Des militaires ukrainiens regardent un char russe détruit sur une route du village de Rusaniv, dans la région de Kiev, le 16 avril.

Le compartiment a une porte que le membre d’équipage ouvre et referme entre chaque tir du char, ce qui signifie que si le char est touché, un seul obus est susceptible d’être exposé dans la tourelle.

« Un coup précis peut endommager le char, mais pas nécessairement tuer l’équipage », a déclaré Bendett.

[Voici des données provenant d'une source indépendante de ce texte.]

Lemma pendant_image_not_gap_const : False.
Proof.
have yS := pendant_image_partner_out.
have [b bS eyb] := mld_dominate HS yS.
have eyu : e y u0 by rewrite -(pendant_image_partner_neighbor bS).
have euy : e u0 y by rewrite e_sym.
have dy : deg e y != 1.
  by apply: contra_neq xy => /(mld_pendant_uniq e_sym e_irr e_conn HS u0S xS yS eux euy dx).
have [w [z [[wS wu _ _ _] dwy]]] :=
  mld_second_neighbor e_sym e_irr e_conn girth5 HS yS eyu pendant_image_partner_neighbor dy.
have dxy : dist e x y = 2.
  rewrite distC // (dist_pendant e_sym e_irr e_conn eux dx) 1?eq_sym //.
  by rewrite (dist_edge e_irr e_conn eyu).
have bwx : bar w != x by apply: contra_neq wu; apply: bar_x wS.
have := gap_x wS; rewrite dgap_bar ?(bar_y wS) //.
rewrite /dgap dwy dxy => /eqP; rewrite subr_eq addNr eqz_nat dist_eq0 // => /eqP wx.
by move: xS; rewrite -wx wS.
Qed.

End PendantImage.

Lemma pendant_image_gap_iso_P2 x y : x \in bar @: S :\: S -> x != y ->
  gap_const e (bar @: S) x y -> iso_P2 e.
Proof.
case/setDP=> /imsetP[u0 u0S ->] bS xy Hc.
case: (eqVneq y u0) => [yu0|yu0].
  have [eux _] := bar_pendant u0S bS; rewrite yu0 in Hc.
  apply: (mld_center_P2 e_sym e_irr e_conn HS _ eux).
  exact: pendant_image_gap_parent u0S erefl bS Hc.
by case: (pendant_image_not_gap_const u0S erefl bS yu0 xy Hc).
Qed.

Lemma pendant_free_gap_in_out x y : x \in S -> y \notin S -> y \notin bar @: S :\: S ->
  ~ gap_const e S x y.
Proof.
move=> xS yS yB Hc.
have [exy dy] := mld_gap_const_in_out e_sym e_irr e_conn girth5 HS xS yS Hc.
case: (bar_spec xS) => [[bS [ebx dbx]] | [no_pendant _]]; last exact: no_pendant y yS exy dy.
have byx := mld_pendant_uniq e_sym e_irr e_conn HS xS bS yS ebx exy dbx dy.
by move: yB; rewrite -byx in_setD bS imset_f.
Qed.

Lemma bar_doubly_resolving : ~ iso_P2 e -> doubly_resolving e (bar @: S).
Proof.
move=> notP2; apply: doubly_resolving_gap => x y xy Hc.
case: (boolP (x \in bar @: S :\: S)) => [xB|xB].
  exact/notP2/(pendant_image_gap_iso_P2 xB xy).
case: (boolP (y \in bar @: S :\: S)) => [yB|yB].
  by apply/notP2/(pendant_image_gap_iso_P2 yB _ (gap_constC Hc)); rewrite eq_sym.
have HcS := gap_const_bar xB yB Hc.
case: (boolP (x \in S)) => xS; case: (boolP (y \in S)) => yS.
- by move: xy; rewrite (gap_const_mem e_sym e_conn xS yS HcS) eqxx.
- exact: pendant_free_gap_in_out xS yS yB HcS.
- exact: pendant_free_gap_in_out yS xS xB (gap_constC HcS).
- by move: xy; rewrite (mld_gap_const_out e_sym e_irr e_conn HS xS yS HcS) eqxx.
Qed.

End PendantSwap.

Section Minima.
Variables (T : finType) (e : rel T).
Hypotheses (e_sym : symmetric e) (e_irr : irreflexive e).
Hypothesis e_conn : forall x y : T, connect e x y.

Lemma mld_setT : mld_set e [set: T].
Proof.
apply/andP; split; last by apply/forallP => x; rewrite in_setT.
apply/forallP => x; apply/forallP => y; apply/implyP => xy.
by apply/existsP; exists x; rewrite in_setT distxx // eq_sym dist_eq0.
Qed.

Lemma doubly_resolving_setT : doubly_resolving e [set: T].
Proof.
apply: doubly_resolving_gap => x y xy Hc.
by move: xy; rewrite (gap_const_mem e_sym e_conn (in_setT x) (in_setT y) Hc) eqxx.
Qed.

Et Drummond a dit que les obus utilisés par les militaires occidentaux parfois brûlent sous la chaleur élevée générée par un missile entrant, mais ils n’explosent pas.

Difficile à remplacer

Il n’y a pas de moyen facile de savoir combien de chars russes ont été détruits en Ukraine. L’intelligence open source site de surveillance Oryx a déclaré le 28 avril qu’au moins 300 chars russes avaient été détruits, et que 279 autres avaient été endommagés, abandonnés ou capturés.

Cependant, le site ne compte que les cas où il a des preuves visuelles, donc les pertes russes pourraient être beaucoup plus élevées.

Un char russe est détruit, sa tourelle arrachée, après une bataille près de Kharkiv, en Ukraine.

Et ces pertes ne concernent pas seulement l’équipement. Lorsque Wallace, le secrétaire britannique à la Défense, a donné son estimation de 580 chars perdus à la Chambre des communes, il a également déclaré que plus de 15 000 militaires russes avaient été tués lors de son invasion.

Il est difficile de savoir combien d’entre eux sont des équipages de chars, mais ce qui ne fait aucun doute, c’est que les équipages ne sont pas faciles à remplacer.

La formation d’un équipage de char peut prendre plusieurs mois au minimum et même 12 mois peuvent être considérés comme rapides, a déclaré Aleksi Roinila, un ancien membre d’équipage de char des Forces de défense finlandaises.

Et pour la Russie, remplacer des centaines d’équipages à ce stade de la guerre serait une tâche difficile, surtout lorsque les chars qu’ils sont censés utiliser sont si défectueux.